== What the task requires ==
The listing below holds a line with "pose proof (sqrt_pos u)" and a later line with "Lemma profile_concave (x". Write out those two lines and every line between them, exactly, and nothing else.

***

(* Let $\delta>0$, $m>64\pi^2$, $\kappa>0$, $\mu^\star>0$, and let $\varepsilon\in(0,1)$, $\ell>0$, $\gamma>0$ satisfy: $\ell\ge\delta$; $-2^5\xi^2+(\mu^\star\varepsilon+6\ell)\xi-(\gamma+1)\ell\le0$ for all $\xi\in\mathbb{R}$; $2\gamma^2-3\ell\ge0$; $e^\varepsilon<\frac{1+2\kappa}{1+\kappa}$; $e^{(\gamma+1)\varepsilon}(1+3\varepsilon^3)<\frac{m}{64\pi^2}$; and $e^{(\ell-\delta)t}(1+(\varepsilon-\ell t)^3)\ge1+\varepsilon^3$ for all $t\in(0,\varepsilon/\ell)$. Put $\tau(t)=\varepsilon-\ell t$, $a(t)=2^5e^{(\gamma+1)\tau}$, $b(t)=8e^{\tau}$ and $$\underline U(s,t):=\frac{a(s^{3/2}+3\tau^3s)}{(s^{1/2}+\tau^3)^3},\qquad \underline W(s,t):=\frac{bs}{s^{1/2}+\tau^3},\qquad(s,t)\in[0,1]\times[0,\varepsilon/\ell).$$ Then for each $t\in[0,\varepsilon/\ell)$ the map $s\mapsto\underline W(s,t)$ on $[0,1]$ is nonnegative, increasing and concave; $\underline W(0,t)=0$ for all $t\in[0,\varepsilon/\ell)$; $$\sup_{t\in(0,\varepsilon/\ell)}\underline W(1,t)<8\cdot\frac{1+2\kappa}{1+\kappa};$$ and $\mathcal Q(\underline U,\underline W)\le0$ for all $(s,t)\in(0,1)\times(0,\varepsilon/\ell)$.
   Context: For functions $\phi,\psi$ the operator $\mathcal Q$ is $\mathcal Q(\phi,\psi):=\psi_t-16s^{3/2}\psi_{ss}+\delta\psi-\phi$. *)

From Stdlib Require Import Reals Lra.
From Coquelicot Require Import Coquelicot.
Open Scope R_scope.

Definition tau (eps l t : R) : R := eps - l * t.
Definition a_fun (eps l gam t : R) : R := 2 ^ 5 * exp ((gam + 1) * tau eps l t).
Definition b_fun (eps l t : R) : R := 8 * exp (tau eps l t).

Definition Ulow (eps l gam s t : R) : R :=
  a_fun eps l gam t * (s * sqrt s + 3 * (tau eps l t) ^ 3 * s)
  / (sqrt s + (tau eps l t) ^ 3) ^ 3.

Definition Wlow (eps l s t : R) : R :=
  b_fun eps l t * s / (sqrt s + (tau eps l t) ^ 3).

Definition Qop (delta : R) (phi psi : R -> R -> R) (s t : R) : R :=
  Derive (fun t' => psi s t') t
  - 16 * (s * sqrt s) * Derive (fun s1 => Derive (fun s2 => psi s2 t) s1) s
  + delta * psi s t - phi s t.

(* Write c = tau^3 and x = sqrt s.  Then Wlow = b x^2 / (x + c) with b = 8 e^tau,
   which is increasing in s and lies below each of its tangent lines, hence is
   concave; at s = 1 it is at most b <= 8 e^eps.  For the operator, a direct
   computation gives
     Q(Ulow, Wlow) = 8 e^tau s / (x + c)^3
        * [(delta - l)(x + c)^2 + 3 l tau^2 (x + c) - 4 (e^(gam tau) - 1)(x + 3c)],
   and the bracket is nonpositive since delta <= l, 3 l <= 2 gam^2 and
   e^(gam tau) - 1 >= gam tau + gam^2 tau^2 / 2. *)

From Stdlib Require Import Reals Lra.
From Coquelicot Require Import Coquelicot.
Open Scope R_scope.

Lemma exp_ge_taylor2 (y : R) : 0 <= y -> 1 + y + y ^ 2 / 2 <= exp y.
Proof.
  intros Hy.
  destruct (MVT_cor4 (fun z => exp z - 1 - z - z ^ 2 / 2) (fun z => exp z - 1 - z) 0 y)
    with (b := y) as [c [Hc _]].
  - intros c _. auto_derive; auto. field.
  - rewrite Rminus_0_r, Rabs_pos_eq; lra.
  - rewrite exp_0 in Hc. pose proof (exp_ineq1_le c). nra.
Qed.

Lemma concave_of_below_tangents (I : R -> Prop) (f f' : R -> R) :
  (forall u v, I u -> I v -> f v <= f u + f' u * (v - u)) ->
  forall x y lam, I x -> I y -> 0 <= lam <= 1 -> I (lam * x + (1 - lam) * y) ->
  lam * f x + (1 - lam) * f y <= f (lam * x + (1 - lam) * y).
Proof.
  intros Htan x y lam Hx Hy Hlam Hz.
  set (z := lam * x + (1 - lam) * y) in *.
  pose proof (Htan z x Hz Hx) as Tx. pose proof (Htan z y Hz Hy) as Ty.
  apply Rmult_le_compat_l with (r := lam) in Tx; [|lra].
  apply Rmult_le_compat_l with (r := 1 - lam) in Ty; [|lra].
  assert (Hz_eq : lam * (f z + f' z * (x - z)) + (1 - lam) * (f z + f' z * (y - z)) = f z)
    by (unfold z; ring).
  lra.
Qed.

Lemma Derive2_of_is_derive_pos (f f1 : R -> R) (x d : R) :
  0 < x -> (forall y, 0 < y -> is_derive f y (f1 y)) -> is_derive f1 x d ->
  Derive (Derive f) x = d.
Proof.
  intros Hx Hf Hf1.
  rewrite (Derive_ext_loc _ f1); [exact (is_derive_unique _ _ _ Hf1)|].
  exists (mkposreal x Hx). intros y Hy.
  apply is_derive_unique, Hf.
  apply Rabs_def2 in Hy as [_ Hy]. simpl in Hy. unfold minus, plus, opp in Hy; simpl in Hy. lra.
Qed.

Lemma Lub_Rbar_lt_of_ub (E : R -> Prop) (M N : R) :
  (forall w, E w -> w <= M) -> M < N -> Rbar_lt (Lub_Rbar E) N.
Proof.
  intros Hub HMN.
  destruct (Lub_Rbar_correct E) as [_ Hlub].
  specialize (Hlub M Hub).
  destruct (Lub_Rbar E) as [r | |]; simpl in *; lra.
Qed.

Section Profile.

Variables b c : R.

Definition profile (s : R) : R := b * s / (sqrt s + c).
Definition profile_d1 (s : R) : R := b * (sqrt s / 2 + c) / (sqrt s + c) ^ 2.
Definition profile_d2 (s : R) : R :=
  - b * (sqrt s + 3 * c) / (4 * sqrt s * (sqrt s + c) ^ 3).

Lemma profile_0 : profile 0 = 0.
Proof. unfold profile. rewrite Rmult_0_r. apply Rdiv_0_l. Qed.

Hypotheses (Hb : 0 < b) (Hc : 0 < c).

Lemma profile_ge0 (s : R) : 0 <= s -> 0 <= profile s.
Proof.
  intros Hs. pose proof (sqrt_pos s). unfold profile, Rdiv.
  apply Rmult_le_pos; [nra|]. left. apply Rinv_0_lt_compat. lra.
Qed.

Lemma profile_lt (s1 s2 : R) : 0 <= s1 -> s1 < s2 -> profile s1 < profile s2.
Proof.
  intros H1 H12.
  pose proof (sqrt_pos s1) as Hx1. pose proof (sqrt_lt_1 s1 s2 H1 ltac:(lra) H12) as Hx12.
  unfold profile. rewrite <- (sqrt_sqrt s1), <- (sqrt_sqrt s2) by lra.
  rewrite !sqrt_square by apply sqrt_pos.
  set (x1 := sqrt s1) in *. set (x2 := sqrt s2) in *.
  apply Rlt_0_minus.
  replace (b * (x2 * x2) / (x2 + c) - b * (x1 * x1) / (x1 + c))
    with (b * (x1 * x2 + c * (x1 + x2)) * (x2 - x1) / ((x1 + c) * (x2 + c)))
    by (field; lra).
  apply Rdiv_lt_0_compat; [|nra].
  apply Rmult_lt_0_compat; [apply Rmult_lt_0_compat|]; nra.
Qed.

Lemma profile_below_tangent (u v : R) : 0 <= u -> 0 <= v ->
  profile v <= profile u + profile_d1 u * (v - u).
Proof.
  intros Hu Hv. unfold profile_d1.
  pose proof (sqrt_pos u) as Hx. pose proof (sqrt_pos v) as Hy.
  unfold profile. rewrite <- (sqrt_sqrt u), <- (sqrt_sqrt v) by lra.
  rewrite !sqrt_square by apply sqrt_pos.
  set (x := sqrt u) in *. set (y := sqrt v) in *.
  assert (Hgap : b * (x * x) / (x + c) + b * (x / 2 + c) / (x + c) ^ 2 * (y * y - x * x)
                 - b * (y * y) / (y + c)
                 = b * ((y - x) ^ 2 * ((x + 2 * c) * y + x * c)) / (2 * (x + c) ^ 2 * (y + c)))
    by (field; lra).
  enough (0 <= b * ((y - x) ^ 2 * ((x + 2 * c) * y + x * c)) / (2 * (x + c) ^ 2 * (y + c)))
    by lra.
  assert (0 < (x + c) ^ 2) by (apply pow_lt; lra).
  apply Rdiv_le_0_compat; [|nra].
  apply Rmult_le_pos; [lra|]. apply Rmult_le_pos; [apply pow2_ge_0|].
  apply Rplus_le_le_0_compat; apply Rmult_le_pos; lra.
Qed.

Lemma profile_concave (x y lam : R) : 0 <= x -> 0 <= y -> 0 <= lam <= 1 ->
  lam * profile x + (1 - lam) * profile y <= profile (lam * x + (1 - lam) * y).
Proof.
  intros Hx Hy Hlam.
  apply (concave_of_below_tangents (fun s => 0 <= s) _ profile_d1); try nra.
  exact profile_below_tangent.
Qed.

Lemma profile_1_lt : profile 1 < b.
Proof.
  unfold profile. rewrite sqrt_1, Rmult_1_r.
  apply Rlt_div_l; nra.
Qed.

Lemma is_derive_profile (s : R) : 0 < s -> is_derive profile s (profile_d1 s).
Proof.
  intros Hs. pose proof (sqrt_lt_R0 s Hs). unfold profile, profile_d1.
  auto_derive.
  - repeat split; lra.
  - pose proof (sqrt_sqrt s ltac:(lra)) as Hss.
    set (x := sqrt s) in *. clearbody x. subst s. field. lra.
Qed.

Lemma is_derive_profile_d1 (s : R) : 0 < s -> is_derive profile_d1 s (profile_d2 s).
Proof.
  intros Hs. pose proof (sqrt_lt_R0 s Hs). unfold profile_d1, profile_d2.
  auto_derive.
  - repeat split; try lra. intro. nra.
  - pose proof (sqrt_sqrt s ltac:(lra)) as Hss.
    set (x := sqrt s) in *. clearbody x. subst s. field. lra.
Qed.

Lemma Derive2_profile (s : R) : 0 < s -> Derive (Derive profile) s = profile_d2 s.
Proof.
  intros Hs. apply (Derive2_of_is_derive_pos _ profile_d1); auto.
  - exact is_derive_profile.
  - now apply is_derive_profile_d1.
Qed.

End Profile.

Lemma Wlow_profile (eps l s t : R) :
  Wlow eps l s t = profile (b_fun eps l t) (tau eps l t ^ 3) s.
Proof. reflexivity. Qed.

Lemma tau_pos (eps l t : R) : 0 < l -> t < eps / l -> 0 < tau eps l t.
Proof.
  intros Hl Ht. unfold tau.
  apply Rlt_0_minus. rewrite Rmult_comm. now apply Rlt_div_r.
Qed.

Lemma b_fun_pos (eps l t : R) : 0 < b_fun eps l t.
Proof. unfold b_fun. pose proof (exp_pos (tau eps l t)). lra. Qed.

Lemma is_derive_Wlow_t (eps l s t : R) : 0 <= s -> 0 < tau eps l t ->
  is_derive (fun t' : R => Wlow eps l s t') t
    (8 * s * exp (tau eps l t) * l * (3 * tau eps l t ^ 2 - (sqrt s + tau eps l t ^ 3))
       / (sqrt s + tau eps l t ^ 3) ^ 2).
Proof.
  intros Hs Ht. pose proof (sqrt_pos s).
  assert (0 < tau eps l t ^ 3) by (apply pow_lt; lra).
  unfold Wlow, b_fun, tau in *.
  auto_derive; [lra|]. unfold Rminus in *. field. lra.
Qed.

Definition Q_bracket (delta l gam T x : R) : R :=
  (delta - l) * (x + T ^ 3) ^ 2 + 3 * l * T ^ 2 * (x + T ^ 3)
  - 4 * (exp (gam * T) - 1) * (x + 3 * T ^ 3).

Lemma Q_bracket_nonpos (delta l gam T x : R) :
  delta <= l -> 0 < gam -> 3 * l <= 2 * gam ^ 2 -> 0 < T -> 0 <= x ->
  Q_bracket delta l gam T x <= 0.
Proof.
  intros Hdl Hg Hgl HT Hx. unfold Q_bracket.
  assert (Hc : 0 < T ^ 3) by (apply pow_lt; lra). set (c := T ^ 3) in *.
  pose proof (exp_ge_taylor2 (gam * T) ltac:(nra)) as Htaylor.
  assert (0 <= (l - delta) * (x + c) ^ 2) by (apply Rmult_le_pos; [lra|apply pow2_ge_0]).
  assert (0 <= (2 * gam ^ 2 - 3 * l) * (T ^ 2 * (x + c))).
  { apply Rmult_le_pos; [lra|]. apply Rmult_le_pos; [apply pow2_ge_0|lra]. }
  assert (0 <= gam ^ 2 * T ^ 2 * c) by (apply Rmult_le_pos; [|lra]; nra).
  assert (4 * (gam * T + (gam * T) ^ 2 / 2) * (x + 3 * c)
          <= 4 * (exp (gam * T) - 1) * (x + 3 * c)) by (apply Rmult_le_compat_r; lra).
  assert (0 <= gam * T * (x + 3 * c)) by (apply Rmult_le_pos; nra).
  lra.
Qed.

Lemma Qop_Wlow_eq (delta eps l gam s t : R) : 0 < s -> 0 < tau eps l t ->
  Qop delta (Ulow eps l gam) (Wlow eps l) s t
  = 8 * exp (tau eps l t) * s / (sqrt s + tau eps l t ^ 3) ^ 3
    * Q_bracket delta l gam (tau eps l t) (sqrt s).
Proof.
  intros Hs HT.
  assert (Hc : 0 < tau eps l t ^ 3) by (apply pow_lt; lra).
  pose proof (sqrt_lt_R0 s Hs) as Hx.
  unfold Qop.
  rewrite (is_derive_unique _ _ _ (is_derive_Wlow_t eps l s t ltac:(lra) HT)).
  change (Derive (fun s1 => Derive (fun s2 => Wlow eps l s2 t) s1) s) with
    (Derive (Derive (profile (b_fun eps l t) (tau eps l t ^ 3))) s).
  rewrite Derive2_profile by assumption.
  unfold profile_d2, Ulow, Wlow, a_fun, b_fun, Q_bracket.
  set (T := tau eps l t) in *.
  replace ((gam + 1) * T) with (T + gam * T) by ring.
  rewrite exp_plus.
  pose proof (sqrt_sqrt s ltac:(lra)) as Hss.
  set (x := sqrt s) in *. clearbody x. subst s.
  field. lra.
Qed.

Lemma Qop_Wlow_nonpos (delta eps l gam s t : R) :
  delta <= l -> 0 < gam -> 3 * l <= 2 * gam ^ 2 -> 0 < s -> 0 < tau eps l t ->
  Qop delta (Ulow eps l gam) (Wlow eps l) s t <= 0.
Proof.
  intros Hdl Hg Hgl Hs HT.
  rewrite (Qop_Wlow_eq delta eps l gam s t Hs HT).
  apply Rmult_le_0_l; [|apply Q_bracket_nonpos; auto using sqrt_pos].
  pose proof (sqrt_pos s). pose proof (exp_pos (tau eps l t)).
  assert (0 < tau eps l t ^ 3) by (apply pow_lt; lra).
  apply Rdiv_le_0_compat; [nra|]. apply pow_lt. lra.
Qed.

Lemma Wlow_1_le (eps l t : R) : 0 < l -> 0 <= t < eps / l ->
  Wlow eps l 1 t <= 8 * exp eps.
Proof.
  intros Hl Ht. pose proof (tau_pos eps l t Hl (proj2 Ht)) as HT.
  rewrite Wlow_profile. apply Rlt_le, Rlt_le_trans with (b_fun eps l t).
  - apply profile_1_lt; [apply b_fun_pos|apply pow_lt, HT].
  - unfold b_fun, tau. apply Rmult_le_compat_l; [lra|].
    destruct (Rle_lt_or_eq_dec 0 t (proj1 Ht)) as [Ht0 | <-].
    + left. apply exp_increasing. nra.
    + right. f_equal. ring.
Qed.

Theorem lemma3p6 (delta m kappa mu eps l gam : R) :
  0 < delta -> 64 * PI ^ 2 < m -> 0 < kappa -> 0 < mu ->
  0 < eps < 1 -> 0 < l -> 0 < gam ->
  delta <= l ->
  (forall xi : R, - 2 ^ 5 * xi ^ 2 + (mu * eps + 6 * l) * xi - (gam + 1) * l <= 0) ->
  2 * gam ^ 2 - 3 * l >= 0 ->
  exp eps < (1 + 2 * kappa) / (1 + kappa) ->
  exp ((gam + 1) * eps) * (1 + 3 * eps ^ 3) < m / (64 * PI ^ 2) ->
  (forall t : R, 0 < t < eps / l ->
     exp ((l - delta) * t) * (1 + (eps - l * t) ^ 3) >= 1 + eps ^ 3) ->
  (forall t : R, 0 <= t < eps / l ->
     (forall s, 0 <= s <= 1 -> 0 <= Wlow eps l s t)
     /\ (forall s1 s2, 0 <= s1 -> s1 < s2 -> s2 <= 1 -> Wlow eps l s1 t < Wlow eps l s2 t)
     /\ (forall x y lam, 0 <= x <= 1 -> 0 <= y <= 1 -> 0 <= lam <= 1 ->
           lam * Wlow eps l x t + (1 - lam) * Wlow eps l y t
           <= Wlow eps l (lam * x + (1 - lam) * y) t))
  /\ (forall t : R, 0 <= t < eps / l -> Wlow eps l 0 t = 0)
  /\ Rbar_lt (Lub_Rbar (fun w => exists t, 0 < t < eps / l /\ w = Wlow eps l 1 t))
             (Finite (8 * ((1 + 2 * kappa) / (1 + kappa))))
  /\ (forall s t : R, 0 < s < 1 -> 0 < t < eps / l ->
        Qop delta (Ulow eps l gam) (Wlow eps l) s t <= 0).
Proof.
  intros _ _ _ _ He Hl Hg Hdl _ Hgl Hexp _ _.
  split; [|split; [|split]].
  - intros t Ht.
    pose proof (b_fun_pos eps l t) as Hb.
    assert (Hc : 0 < tau eps l t ^ 3) by (apply pow_lt, tau_pos; lra).
    split; [|split].
    + intros s Hs. now apply profile_ge0.
    + intros s1 s2 H1 H12 _. now apply profile_lt.
    + intros x y lam Hx Hy Hlam. apply profile_concave; lra.
  - intros t _. apply profile_0.
  - apply (Lub_Rbar_lt_of_ub _ (8 * exp eps)); [|lra].
    intros w [t [Ht ->]]. apply Wlow_1_le; lra.
  - intros s t Hs Ht. apply Qop_Wlow_nonpos; try lra. apply tau_pos; lra.
Qed.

***

== Expected answer ==
  pose proof (sqrt_pos u) as Hx. pose proof (sqrt_pos v) as Hy.
  unfold profile. rewrite <- (sqrt_sqrt u), <- (sqrt_sqrt v) by lra.
  rewrite !sqrt_square by apply sqrt_pos.
  set (x := sqrt u) in *. set (y := sqrt v) in *.
  assert (Hgap : b * (x * x) / (x + c) + b * (x / 2 + c) / (x + c) ^ 2 * (y * y - x * x)
                 - b * (y * y) / (y + c)
                 = b * ((y - x) ^ 2 * ((x + 2 * c) * y + x * c)) / (2 * (x + c) ^ 2 * (y + c)))
    by (field; lra).
  enough (0 <= b * ((y - x) ^ 2 * ((x + 2 * c) * y + x * c)) / (2 * (x + c) ^ 2 * (y + c)))
    by lra.
  assert (0 < (x + c) ^ 2) by (apply pow_lt; lra).
  apply Rdiv_le_0_compat; [|nra].
  apply Rmult_le_pos; [lra|]. apply Rmult_le_pos; [apply pow2_ge_0|].
  apply Rplus_le_le_0_compat; apply Rmult_le_pos; lra.
Qed.

Lemma profile_concave (x y lam : R) : 0 <= x -> 0 <= y -> 0 <= lam <= 1 ->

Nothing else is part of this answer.